Depuis la fin du mois d’août, la question de l’insécurité fait de nouveau la Une des médias. Au programme : mise en spectacle de faits divers, statistiques utilisées à tort et à travers, sondages orientés... Nous revenons sur ce traitement médiatique avec Laurent Mucchielli, sociologue et spécialiste des politiques de sécurité [1]. (...)
Nous souhaitons vous faire réagir à un échange qui s’est tenu le 27 août sur CNews. Face à David Guiraud (LFI), le présentateur affirme tout d’abord que la montée de la violence est attestée par les chiffres du ministère de l’Intérieur. Puis, son affirmation étant contestée par son interlocuteur, il rétorque : « On s’en fiche des chiffres ! Il y a un sentiment dans le pays. »
Quelle est votre réaction à cet échange ?

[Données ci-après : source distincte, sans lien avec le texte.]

Lemma sum_occ_mul t (F : 'I_7 -> nat) :
  \sum_x occ t x * F x = F (sval t).1 + F (sval t).2.
Proof.
rewrite -(sum_eq_mul (sval t).1 F) -(sum_eq_mul (sval t).2 F) -big_split.
by apply: eq_bigr => x _; rewrite mulnDl.
Qed.

Lemma pips_occ t : pips t = \sum_x occ t x * x.
Proof. by rewrite sum_occ_mul. Qed.

Lemma sum_occ t : \sum_x occ t x = 2.
Proof. by rewrite -[RHS](sum_occ_mul t (fun=> 1)); apply: eq_bigr => x _; rewrite muln1. Qed.

Definition sort2 (a b : 'I_7) : 'I_7 * 'I_7 := if a <= b then (a, b) else (b, a).

Lemma sort2_sorted a b : (sort2 a b).1 <= (sort2 a b).2.
Proof. by rewrite /sort2; case: (leqP a b) => [|/ltnW]. Qed.

Definition tile_of (a b : 'I_7) : tile := exist _ (sort2 a b) (sort2_sorted a b).

Lemma tile_ofK t : tile_of (sval t).1 (sval t).2 = t.
Proof. by case: t => [[a b] ab]; apply: val_inj; rewrite /= /sort2 ab. Qed.

Lemma has_num_tile_of a b : has_num (tile_of a b) a && has_num (tile_of a b) b.
Proof. by rewrite /has_num /= /sort2; case: ifP; rewrite !eqxx ?orbT. Qed.

(* [ord7] and [tile_of] avoid [insub], whose opaque proof blocks evaluation, so that
   [vm_compute] can run through the enumerations [nums] and [tiles]. *)
Definition ord7 (i : nat) : 'I_7 := Ordinal (ltn_pmod i (isT : 0 < 7)).
Definition nums : seq 'I_7 := [seq ord7 i | i <- iota 0 7].
Definition tiles : seq tile := undup [seq tile_of a b | a <- nums, b <- nums].

Lemma mem_nums x : x \in nums.
Proof.
apply/mapP; exists (val x); first by rewrite mem_iota ltn_ord.
by apply: val_inj; rewrite /= modn_small.
Qed.

Lemma mem_tiles t : t \in tiles.
Proof. by rewrite mem_undup -[t]tile_ofK; apply: allpairs_f; apply: mem_nums. Qed.

Lemma forall_numP (P : pred 'I_7) : reflect (forall x, P x) (all P nums).
Proof.
by apply: (iffP allP) => [P_nums x | P_all x _]; [exact: P_nums (mem_nums x) | exact: P_all].
Qed.

Lemma sum_enum (T : finType) (s : seq T) (F : T -> nat) :
  uniq s -> (forall x, x \in s) -> \sum_x F x = \sum_(x <- s) F x.
Proof.
move=> s_uniq s_full; apply: perm_big; apply: uniq_perm => //.
  exact: index_enum_uniq.
by move=> x; rewrite mem_index_enum s_full.
Qed.

Lemma sum_nums (F : 'I_7 -> nat) : \sum_x F x = \sum_(x <- nums) F x.
Proof. exact/sum_enum/mem_nums. Qed.

Lemma sum_tiles (F : tile -> nat) : \sum_(t : tile) F t = \sum_(t <- tiles) F t.
Proof. exact/sum_enum/mem_tiles/undup_uniq. Qed.

Lemma sum_tiles_occ x : \sum_(t : tile) occ t x = 8.
Proof. by rewrite sum_tiles; apply/eqP; move: x; apply/forall_numP; rewrite unlock; vm_compute. Qed.

Lemma sum_tiles_has0 : \sum_(t : tile) has_num t ord0 = 7.
Proof. by rewrite sum_tiles unlock; vm_compute. Qed.

Lemma sum_tiles_has0_occ k : k != ord0 -> \sum_(t : tile) has_num t ord0 * occ t k = 1.
Proof.
rewrite sum_tiles => k0; apply/eqP; move: k0; apply/implyP; move: k; apply/forall_numP.
by rewrite unlock; vm_compute.
Qed.

Definition avoiding (k : 'I_7) : {set tile} := [set t | ~~ has_num t ord0 && ~~ has_num t k].

Lemma card_avoiding k : k != ord0 -> #|avoiding k| = 15.
Proof.
(* [inE] first: membership in a [{set _}] does not evaluate in the VM. *)
rewrite -sum1_card big_mkcond; under eq_bigr do rewrite inE.
rewrite sum_tiles => k0; apply/eqP; move: k0; apply/implyP.
by move: k; apply/forall_numP; rewrite unlock; vm_compute.
Qed.

Definition min_occs (v x : 'I_7) : nat := 2 + (v == x) * 6.

Lemma sum_min_occs v : \sum_x min_occs v x = 20.
Proof. by rewrite sum_nums; apply/eqP; move: v; apply/forall_numP; rewrite unlock; vm_compute. Qed.

Lemma sum_min_occs_weight v : \sum_x min_occs v x * x = 42 + 6 * v.
Proof. by rewrite sum_nums; apply/eqP; move: v; apply/forall_numP; rewrite unlock; vm_compute. Qed.

Definition occs (B : {set tile}) (x : 'I_7) : nat := \sum_(t in B) occ t x.

Lemma occs_full (B : {set tile}) v : (forall t, has_num t v -> t \in B) -> occs B v = 8.
Proof.
move=> B_full; rewrite /occs big_rmcond ?sum_tiles_occ // => t tB.
by apply/eqP; rewrite -leqn0 leqNgt -has_numE; apply: contra tB; apply: B_full.
Qed.

Section MinimalBoard.

Variables (B : {set tile}) (v : 'I_7).
Hypotheses (B_full : forall t, has_num t v -> t \in B)
           (B_even : forall x, ~~ odd (occs B x))
           (B_pips : \sum_(t in B) pips t = 42).

Lemma min_occs_le x : min_occs v x <= occs B x.
Proof.
rewrite /min_occs; case: eqP => [<- | _]; first by rewrite occs_full.
have /andP[t_v t_x] := has_num_tile_of v x.
have occs_gt0 : 0 < occs B x.
  by rewrite /occs (bigD1 _ (B_full t_v)) /= ltn_addr // -has_numE.
by have := B_even x; case: (occs B x) occs_gt0 => [|[|n]].
Qed.

Lemma sum_occs_weight : \sum_x occs B x * x = 42.
Proof.
rewrite -B_pips (eq_bigr _ (fun t _ => pips_occ t)) exchange_big /=.
by apply: eq_bigr => x _; rewrite /occs big_distrl.
Qed.

Lemma occs_eq_min : v = ord0 /\ forall x, occs B x = min_occs v x.
Proof.
have le_x x : min_occs v x * x <= occs B x * x ?= iff (min_occs v x * x == occs B x * x).
  exact/leqif_eq/leq_mul/leqnn/min_occs_le.
have [le42 tight] := leqif_sum (fun x (_ : true) => le_x x).
rewrite sum_min_occs_weight sum_occs_weight in le42 tight.
have v0 : v = ord0 by apply: val_inj => /=; lia.
move: tight; rewrite {1}v0 => /esym/forall_inP eq_x.
split=> // x; have [x0 | x_gt0] := posnP x.
  have -> : x = v by rewrite v0; apply: val_inj.
  by rewrite occs_full // /min_occs eqxx.
by move: (eq_x x isT); rewrite eqn_pmul2r // => /eqP ->.
Qed.

Lemma board_center : v = ord0.
Proof. by case: occs_eq_min. Qed.

Lemma occs_board x : occs B x = min_occs ord0 x.
Proof. by case: occs_eq_min => <-. Qed.

Lemma card_board : #|B| = 10.
Proof.
have : #|B| * 2 = 20.
  rewrite -sum_nat_const -(sum_min_occs ord0).
  rewrite (eq_bigr _ (fun t _ => esym (sum_occ t))) exchange_big /=.
  by apply: eq_bigr => x _; apply: occs_board.
lia.
Qed.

Cet échange révèle à mon sens au moins trois choses. D’abord il est typique de l’usage des chiffres comme des arguments d’autorité, leur instrumentalisation : « ce que je dis est chiffré, donc je dis la vérité ». Ensuite, je relève dans cet échange le passage à une rhétorique et un vocabulaire populistes bien connus notamment à l’extrême droite. En substance : « les chiffres ne vont pas dans mon sens mais je m’en fiche car les chiffres sont le produit du système accaparé par les élites, moi je connais le "pays réel", je vais vous dire ce que ressentent "les Français" ». Enfin, je note que ce journalisme d’opinion est devenu assez typique du rôle de présentateur/animateur des « plateaux télé » même si cela se voit davantage sur une chaîne comme CNews que sur une chaîne du groupe France Télévisions. Le présentateur n’est pas ici un journaliste neutre qui distribue la parole et surveille le bon déroulement d’un débat. Il est un acteur central du contenu du débat lui-même. Il est du reste recruté pour cela. C’est un rôle qui s’est « starisé » à la télévision comme à la radio. C’est le modèle américain du talk show qui s’est un peu généralisé me semble-t-il.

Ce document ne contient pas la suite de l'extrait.